La trajectoire de Steve Reich, depuis l’université de Cornell où il écoutait Pérotin, est celle d’une institutionnalisation et, d’une certaine manière, elle en donne les limites autant que l’infinie beauté. Les limites sont surtout symboliques, comme en témoigne l’importance régulièrement accordée aux confrontations entre des univers que le compositeur présuppose distincts : cette musique serait révolutionnaire parce qu’elle influerait sur la musique pop, rock, électro – ce qu’elle fait d’ailleurs – et non par elle-même. Si l’on embrasse les lambeaux, on peut lire Conversations pour y trouver la confirmation qu’en réalité Brian Eno est, aux côtés de Steve Reich, une icône centrale d’un classicisme fondé sur une radicalité, une versatilité a priori.

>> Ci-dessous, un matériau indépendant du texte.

Lemma geometric_exponents N (d : 'I_N.+1 -> C) (y : C) :
  y \is Num.real -> y != 0 -> y ^+ 2 != 1 -> (forall k, d k != 0) ->
  (forall k, d (ordS k) = d k * y \/ d (ordS k) * y = d k) ->
  exists (l : C) (e : 'I_N.+1 -> nat),
    [/\ l != 0, forall k, l * d k = y ^+ e k,
        forall k, adjacent (e k) (e (ordS k)) & exists i0, e i0 = 0%N].
Proof.
move=> yreal y0 y2 dnz step; have d0 := dnz ord0.
have powS t : y ^ (t + 1) = y ^ t * y by rewrite expfzDr // expr1z.
have powP t : y ^ (t - 1) * y = y ^ t by rewrite -powS subrK.
have zP k : exists t : int, d k == d ord0 * y ^ t.
  move: k; apply: (@cyclic_ind _ _ ord0) => [|k [t /eqP dk]].
    by exists 0; rewrite mulr1.
  case: (step k) => dS; [exists (t + 1) | exists (t - 1)]; apply/eqP.
    by rewrite dS dk powS mulrA.
  by apply: (mulIf y0); rewrite dS dk -mulrA powP.
pose z k := xchoose (zP k).
have dz k : d k = d ord0 * y ^ z k by exact/eqP/(xchooseP (zP k)).
have zS k : z (ordS k) = z k + 1 \/ z (ordS k) = z k - 1.
  case: (step k) => dS; [left | right]; apply: (powz_inj yreal y0 y2); apply: (mulfI d0).
    by rewrite -dz dS dz powS mulrA.
  by apply: (mulIf y0); rewrite -dz dS dz -mulrA powP.
have [imin _ zmin] := @arg_minP _ _ _ ord0 predT z isT.
pose e k := absz (z k - z imin).
have ez k : (e k)%:Z = z k - z imin by rewrite gez0_abs // subr_ge0; apply: zmin.
exists (d ord0 * y ^ z imin)^-1, e; split.
- by rewrite invr_eq0 mulf_neq0 // expfz_neq0.
- move=> k; have := dz k; rewrite -[z k](subrK (z imin)) -ez expfzDr // => ->.
  by rewrite (mulrC (y ^ _)) (mulrA (d ord0)) mulKf // mulf_neq0 ?expfz_neq0.
- by move=> k; have := ez k; have := ez (ordS k); rewrite /adjacent; case: (zS k); lia.
- by exists imin; rewrite /e subrr.
Qed.
End Exponents.

Section Converse.
Variable C : numClosedFieldType.

Definition incr N (x : 'I_N -> C) (k : 'I_N) : C := x (ordS k) - x k.

Lemma regular_ratios N (g : C) (x : 'I_N.+1 -> C) :
  g != 1 -> g != 2 -> regular g x -> real_seq x -> nonconstant x ->
  exists y, [/\ y \is Num.real, char_eq g y, forall k, incr x k != 0 &
    forall k, incr x (ordS k) = incr x k * y \/ incr x (ordS k) * y = incr x k].
Proof.
move=> g1 g2 /regularE reg [l0 [m0 [l00 xreal]]] [i [j xij]].
have cornerx k : corner g (- incr x (ord_pred k)) (incr x k).
  by rewrite /incr ord_predK opprB; apply: reg.
have dnz k : incr x k != 0.
  apply: contraNneq xij => dk0; have incr0 : forall h, incr x h = 0.
    apply: (@cyclic_ind _ _ k) => // h dh; apply: (corner_zero g2).
    by have := cornerx (ordS h); rewrite ordSK dh oppr0.
  have xi h : x h = x i.
    by apply: (@eq_from_incr _ _ x (fun=> x i) i) => // h'; rewrite subrr -(incr0 h').
  by rewrite !xi.
have ratio k : char_eq g (incr x k / incr x (ord_pred k)).
  exact: corner_ratio (dnz _) (cornerx k).
have := ratio (ordS ord0); rewrite ordSK; set y := _ / _ => chy.
have lincr k : l0 * incr x k \is Num.real.
  have -> : l0 * incr x k = (l0 * x (ordS k) + m0) - (l0 * x k + m0).
    by rewrite /incr; ring.
  exact: rpredB.
exists y; split => // [|k].
  have -> : y = (l0 * incr x (ordS ord0)) / (l0 * incr x ord0).
    by rewrite /y invfM mulrACA mulfV ?mul1r.
  exact: rpred_div.
have := char_eq_roots g2 (ratio (ordS k)) chy; rewrite ordSK => -[q|q]; [left|right].
  by rewrite -q mulrC divfK.
by rewrite -[RHS]mul1r -q mulrAC divfK.
Qed.

Lemma regular_converse N (g : C) (x : 'I_N -> C) :
  (0 < N)%N -> g != 1 -> g != 2 ->
  regular g x -> real_seq x -> nonconstant x ->
  exists (n : nat) (a : nat -> nat) (y : C) (e : 'I_N -> nat)
         (l m : C) (r : 'I_N -> 'I_N),
    (forall k, (k <= n)%N -> (0 < a k)%N) /\
    N = (2 * \sum_(k < n.+1) a k)%N /\
    y \is Num.real /\ root (pX1A C n a) y /\
    incr_ok C n a e /\ g = gamma_of y /\
    l != 0 /\ rotation r /\
    (forall k, l * x (r k) + m = cons_seq y e 0 k).
Proof.
case: N x => [|N] x // _ g1 g2 reg xreal xnc.
have [y [yreal chy dnz step]] := regular_ratios g1 g2 reg xreal xnc.
have [y0 y2 gy] := char_eq_props g1 g2 chy.
have [l [e [l0 ld eadj e0]]] := geometric_exponents yreal y0 y2 dnz step.
have [n [a [apos Na eok]]] := walk_admissible C eadj e0.
have sum0 : \sum_(i < N.+1) y ^+ e i = 0.
  rewrite -(eq_bigr _ (fun i _ => ld i)) -mulr_sumr /incr sumrB.
  by rewrite [X in _ - X](reindex_inj (@ordS_inj _)) subrr mulr0.
exists n, a, y, e, l, (- (l * x ord0)), id.
do 3 (split; first by []); split; first by apply/rootP; rewrite -(sum_pow_incr y eok).
do 4 (split; first by []).
apply: (@eq_from_incr _ _ _ _ ord0) => [|k].
  by rewrite subrr /cons_seq big_pred0 ?addr0.
by rewrite cons_seq_incr // -ld /incr; ring.
Qed.
End Converse.

Theorem theorem3p1 (C : numClosedFieldType) :
  (* construction *)
  (forall (n : nat) (a : nat -> nat) (y : C),
     (forall k, (k <= n)%N -> (0 < a k)%N) ->
     y \is Num.real -> root (pX1A C n a) y ->
     let N := (2 * \sum_(k < n.+1) a k)%N in
     (exists e : 'I_N -> nat, incr_ok C n a e) /\
     (forall (e : 'I_N -> nat) (x0 : C), incr_ok C n a e ->
        cons_last y e x0 = x0 /\
        regular (gamma_of y) (cons_seq y e x0) /\
        real_seq (cons_seq y e x0))) /\
  (* converse, gamma <> 1, 2 *)
  (forall (N : nat) (gamma : C) (x : 'I_N -> C),
     (3 <= N)%N -> gamma \is Num.real -> gamma != 1 -> gamma != 2 ->
     regular gamma x -> real_seq x -> nonconstant x ->
     exists (n : nat) (a : nat -> nat) (y : C) (e : 'I_N -> nat)
            (l m : C) (r : 'I_N -> 'I_N),
       (forall k, (k <= n)%N -> (0 < a k)%N) /\
       N = (2 * \sum_(k < n.+1) a k)%N /\
       y \is Num.real /\ root (pX1A C n a) y /\
       incr_ok C n a e /\ gamma = gamma_of y /\
       l != 0 /\ rotation r /\
       (forall k, l * x (r k) + m = cons_seq y e 0 k)) /\
  (* gamma = 2 *)
  (forall (N : nat) (x : 'I_N -> C), (3 <= N)%N ->
     regular 2 x <->
     exists c : pred 'I_N,
       (forall k, c k -> ~~ c (ordS k)) /\
       (forall k, ~~ c (ordS k) -> x (ordS k) = x k)) /\
  (* gamma = 1 *)
  (forall (N : nat) (x : 'I_N -> C), (3 <= N)%N ->
     (regular 1 x /\ real_seq x /\ nonconstant x) <->
     (~~ odd N /\ exists l m : C, l != 0 /\
        forall k : 'I_N, l * x k + m = (odd k)%:R)).
Proof.
split.
  move=> n a y apos yreal py N; split; first exact: exists_incr_ok.
  by move=> e x0 eok; have [] := construction_regular x0 apos yreal py eok.
split; first by move=> N g x hN _; apply: regular_converse; apply: leq_trans hN.
split; first by move=> N x _; apply: regular2P.
by move=> N x hN; apply/regular1_realP/ltnW.
Qed.
Lemma fnorm_gt0 m n (A : 'M[R]_(m, n)) : A != 0 -> 0 < fnorm A.
Proof.
move=> A_neq0; have [i [j Aij_neq0]] : exists i j, A i j != 0.
  apply: contraNP A_neq0 => all0; apply/eqP/matrixP => i j; rewrite mxE.
  by case: (eqVneq (A i j) 0) => // Aij; case: all0; exists i, j.
rewrite sqrtr_gt0 (bigD1 i) //= (bigD1 j) //= -addrA ltr_pwDl ?exprn_even_gt0 //.
by rewrite addr_ge0 ?sumr_ge0 // => [k _|k _]; rewrite ?sumr_ge0 // => *; rewrite sqr_ge0.
Qed.

Lemma fnorm_outer V d (v : 'cV[R]_V) (phi : 'cV[R]_d) :
  fnorm (v *m phi^T) = fnorm v * fnorm phi.
Proof.
rewrite /fnorm -sqrtrM ?sumr_ge0 // => [|i _]; last by rewrite sumr_ge0 // => j _; rewrite sqr_ge0.
congr Num.sqrt; rewrite mulr_suml; apply: eq_bigr => i _.
rewrite big_ord1 mulr_sumr; apply: eq_bigr => j _.
by rewrite big_ord1 !mxE big_ord1 mxE exprMn.
Qed.

Lemma trmx_mul_self d (phi : 'cV[R]_d) : phi^T *m phi = (fnorm phi ^+ 2)%:M.
Proof.
apply/matrixP => i j; rewrite !ord1 !mxE eqxx mulr1n fnorm_sq.
by apply: eq_bigr => k _; rewrite big_ord1 !mxE expr2.
Qed.

Lemma mulmx_rank_one_update V d (W : 'M[R]_(V, d)) (v : 'cV[R]_V) (phi : 'cV[R]_d) (a : R) :
  (W + a *: (v *m phi^T)) *m phi = W *m phi + (a * fnorm phi ^+ 2) *: v.
Proof. by rewrite mulmxDl -scalemxAl -mulmxA trmx_mul_self mul_mx_scalar scalerA. Qed.

End Frobenius.

Section Steps.
Variables (R : realType) (V d : nat) (phi : 'cV[R]_d) (y : 'I_V) (W : 'M[R]_(V, d)).

Lemma alpha_descent (eta : R) (v : 'cV[R]_V) :
  alpha phi W (W - eta *: (v *m phi^T)) y =
  (\sum_k softmax (W *m phi) k 0 * expR (- (eta * fnorm phi ^+ 2) * (v k 0 - v y 0)))^-1.
Proof.
rewrite /alpha -scaleNr mulmx_rank_one_update softmax_shift_ratio.
by congr (_^-1); apply: eq_bigr => k _; rewrite !mxE; congr (_ * expR _); ring.
Qed.
(* Let $d \geq 2$ and $n$ be positive integers. Let $\mathcal{S}_{n,d}$ be the family of all maximal spherical sets of $[n]^d$. Then the VC-dimension of the set system $([n]^d, \mathcal{S}_{n,d})$ is at most $d+1$.
   Context: $[n]=\{1,\dots,n\}$. A sphere is a $(d-1)$-dimensional sphere in $\mathbb{R}^d$. A subset $A \subset [n]^d$ is a maximal spherical set of $[n]^d$ if all points of $A$ lie on a single sphere $S$ in $\mathbb{R}^d$ and no point of $[n]^d$ can be added to $A$ while keeping all points on $S$ (i.e. $A = S \cap [n]^d$ for some sphere $S$). For a set system $\mathcal{F}$ on ground set $P$, a set $T \subset P$ is shattered if for every $B \subset T$ there is $F \in \mathcal{F}$ with $F \cap T = B$; the VC-dimension is the largest size of a shattered subset of $P$. *)

From HB Require Import structures.
From mathcomp Require Import all_boot all_order all_algebra.
From mathcomp Require Import reals.
Set Implicit Arguments. Unset Strict Implicit. Unset Printing Implicit Defensive.
Import Order.TTheory GRing.Theory Num.Theory.
Local Open Scope ring_scope.

(* A point of the grid [n]^d : coordinate i is the integer (x i) + 1 in {1..n}. *)
Definition gridpt (n d : nat) := {ffun 'I_d -> 'I_n}.

Definition coord (R : realType) n d (x : gridpt n d) (i : 'I_d) : R :=
  ((nat_of_ord (x i)).+1)%:R.

Definition on_sphere (R : realType) n d (c : 'I_d -> R) (r : R) (x : gridpt n d) : bool :=
  \sum_(i < d) (coord R x i - c i) ^+ 2 == r ^+ 2.

Definition maximal_spherical (R : realType) n d (A : {set gridpt n d}) : Prop :=
  exists (c : 'I_d -> R) (r : R), 0 < r /\ A = [set x | on_sphere c r x].

Definition shattered (T : finType) (F : {set T} -> Prop) (X : {set T}) : Prop :=
  forall B : {set T}, B \subset X -> exists A, F A /\ A :&: X = B.

Definition VC_dim_le (T : finType) (F : {set T} -> Prop) (k : nat) : Prop :=
  forall X : {set T}, shattered F X -> (#|X| <= k)%N.

From Pilot Require Import Defs.
From mathcomp Require Import all_boot all_order all_algebra.
From mathcomp Require Import reals.
From mathcomp Require Import ring.
Set Implicit Arguments. Unset Strict Implicit. Unset Printing Implicit Defensive.
Import Order.TTheory GRing.Theory Num.Theory.
Local Open Scope ring_scope.

(* Lifting x to (x, |x|^2, 1) in R^(d+2) turns every sphere into the trace of a
   hyperplane through the origin.  If X is shattered, each point of X is cut off
   from the others by such a hyperplane, so the lifted points of X are linearly
   independent; yet X itself lies on a sphere, so they all lie in one
   hyperplane.  Hence |X| < d + 2. *)

Lemma sub_shattered (T : finType) (F G : {set T} -> Prop) (X : {set T}) :
  (forall A, F A -> G A) -> shattered F X -> shattered G X.
Proof. by move=> FG shX B /shX [A [/FG GA AX]]; exists A. Qed.

Section RankBounds.
Variables (K : fieldType) (k m : nat).
Implicit Types (M : 'M[K]_(k, m)) (w : 'cV[K]_m).

Lemma row_free_separated M :
  (forall i, exists w, (row i M *m w) 0 0 != 0 /\
                       forall j, j != i -> (row j M *m w) 0 0 = 0) ->
  row_free M.
Proof.
move=> sep; apply: inj_row_free => u uM0; apply/rowP => i; rewrite mxE.
have [w [Miw0 Mjw0]] := sep i.
have : (u *m M *m w) 0 0 = 0 by rewrite uM0 mul0mx mxE.
rewrite [u *m M]mulmx_sum_row mulmx_suml summxE (bigD1 i) //= big1 => [|j ji].
  rewrite addr0 -scalemxAl mxE => /eqP.
  by rewrite mulf_eq0 (negbTE Miw0) orbF => /eqP.
by rewrite -scalemxAl mxE Mjw0 ?mulr0.
Qed.

Lemma rank_lt_annihilated M w : w != 0 -> M *m w = 0 -> (\rank M < m)%N.
Proof.
move=> w0 Mw0; rewrite ltn_neqAle rank_leq_col andbT.
apply: contra w0 => full; apply/eqP/(row_full_inj full).
by rewrite Mw0 mulmx0.
Qed.

End RankBounds.

Section HyperplaneTraces.
Variables (K : fieldType) (T : finType) (m : nat) (phi : T -> 'rV[K]_m).

Definition hyperplane_trace (w : 'cV[K]_m) : {set T} :=
  [set x | (phi x *m w) 0 0 == 0].

Definition hyperplane_trace_family (A : {set T}) : Prop :=
  exists2 w, w != 0 & A = hyperplane_trace w.

Lemma shattered_hyperplane_traces_lt (X : {set T}) :
  shattered hyperplane_trace_family X -> (#|X| < m)%N.
Proof.
move=> shX.
pose M := \matrix_(i < #|X|) phi (enum_val i).
have rowM i : row i M = phi (enum_val i) by rewrite rowK.
have /eqP <- : row_free M.
  apply: row_free_separated => i.
  have [|A [[w _ ->] Xw]] := shX (X :\ enum_val i); first exact: subD1set.
  have inXw x : x \in X -> (x \in hyperplane_trace w) = (x != enum_val i).
    by move=> xX; move/setP/(_ x): Xw; rewrite in_setI in_setD1 xX !andbT.
  exists w; rewrite !rowM; split => [|j ji].
    by move: (inXw _ (enum_valP i)); rewrite eqxx inE => /negbT.
  apply/eqP; rewrite rowM; move: (inXw _ (enum_valP j)).
  by rewrite (inj_eq enum_val_inj) ji inE.
have [A [[w w0 ->] Xw]] := shX X (subxx X).
apply: (rank_lt_annihilated w0); apply/matrixP => i j; rewrite ord1 [RHS]mxE.
have : enum_val i \in hyperplane_trace w :&: X by rewrite Xw enum_valP.
by rewrite inE => /andP [/[!inE] /eqP]; rewrite -rowM -row_mul mxE.
Qed.

End HyperplaneTraces.

Section SphereLift.
Variables (R : realType) (n d : nat).

Definition sphere_lift (x : gridpt n d) : 'rV[R]_(d + 1 + 1) :=
  row_mx (row_mx (\row_i Defs.coord R x i)
                 (\row_(j < 1) \sum_i Defs.coord R x i ^+ 2))
         (\row_(j < 1) 1).

Definition sphere_normal (c : 'I_d -> R) (r : R) : 'cV[R]_(d + 1 + 1) :=
  col_mx (col_mx (\col_i (-2 * c i)) (\col_(j < 1) 1))
         (\col_(j < 1) (\sum_i c i ^+ 2 - r ^+ 2)).

Lemma sphere_lift_normalE x c r :
  (sphere_lift x *m sphere_normal c r) 0 0 =
  \sum_i (Defs.coord R x i - c i) ^+ 2 - r ^+ 2.
Proof.
rewrite !mul_row_col !mxE !big_ord1 !mxE.
under eq_bigr do rewrite !mxE.
have -> : \sum_i (Defs.coord R x i - c i) ^+ 2 =
    \sum_i Defs.coord R x i * (-2 * c i) + \sum_i Defs.coord R x i ^+ 2
    + \sum_i c i ^+ 2.
  by rewrite -!big_split; apply: eq_bigr => i _ /=; ring.
ring.
Qed.

Lemma sphere_normal_neq0 c r : sphere_normal c r != 0.
Proof.
apply/negP => /eqP/matrixP/(_ (lshift 1 (rshift d 0)) 0).
by rewrite col_mxEu col_mxEd !mxE => /eqP; rewrite oner_eq0.
Qed.

Lemma maximal_spherical_hyperplane_trace (A : {set gridpt n d}) :
  maximal_spherical R A -> hyperplane_trace_family sphere_lift A.
Proof.
move=> [c [r [_ ->]]].
exists (sphere_normal c r); first exact: sphere_normal_neq0.
by apply/setP => x; rewrite !inE sphere_lift_normalE subr_eq0.
Qed.

End SphereLift.

Theorem lemma2p2 (R : realType) (n d : nat) (hn : (0 < n)%N) (hd : (2 <= d)%N) :
  VC_dim_le (@maximal_spherical R n d) d.+1.
Proof.
move=> X /(sub_shattered (@maximal_spherical_hyperplane_trace R n d)).
by move/shattered_hyperplane_traces_lt; rewrite !addn1.
Qed.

Couverture de Ocean of sound, de David Toop

Depuis bien longtemps, un musicien s’intéresse plus directement à ce qui relie réellement les musiques qu’on tend trop à séparer. David Toop, dont le livre majeur Ocean of Sound (1995, réédité par les éditions de l’éclat en poche l’année dernière) est une porte d’entrée certainement inégalable dans tout ce qu’on qualifie vaguement d’underground musical. On y retrouve d’ailleurs Brian Eno, notamment à travers sa fameuse invention de la musique ambient, dont Toop montre à quel point elle réalise un rêve musical ancien (la musique d’ameublement de Satie) et formalise un phénomène déjà omniprésent (la Muzak et les musiques d’ambiance), tout en se reliant à des expérimentations musicales qu’on ne peut dénombrer (Sun Ra, Miles Davis, John Lennon, John Cage, Charles Ives, Evan Parker, etc.). La lecture croisée des deux ouvrages permet de faire apparaître Eno comme un artiste absolument central d’une recomposition des esthétiques musicales au-delà des questions de genre (rock, classique, expérimental, pop, électro, etc.) ou de situation sociale (underground, officiel, populaire, savant). Brian Eno, c’est au fond une clef commode pour comprendre à quel point un rapport dominant à la musique est structuré autour de l’idée de nouer ensemble le plus commercial (Eno a été producteur de U2) et le plus expérimental. On ne devrait plus s’étonner de ces rapprochements, qui sont la structure même de l’industrie musicale, où tout se touche constamment. Ce qui est classique, ce qui est culte, c’est ce que personne ne connaît encore, ce que tout le monde a oublié, ce qui est massivement à soi.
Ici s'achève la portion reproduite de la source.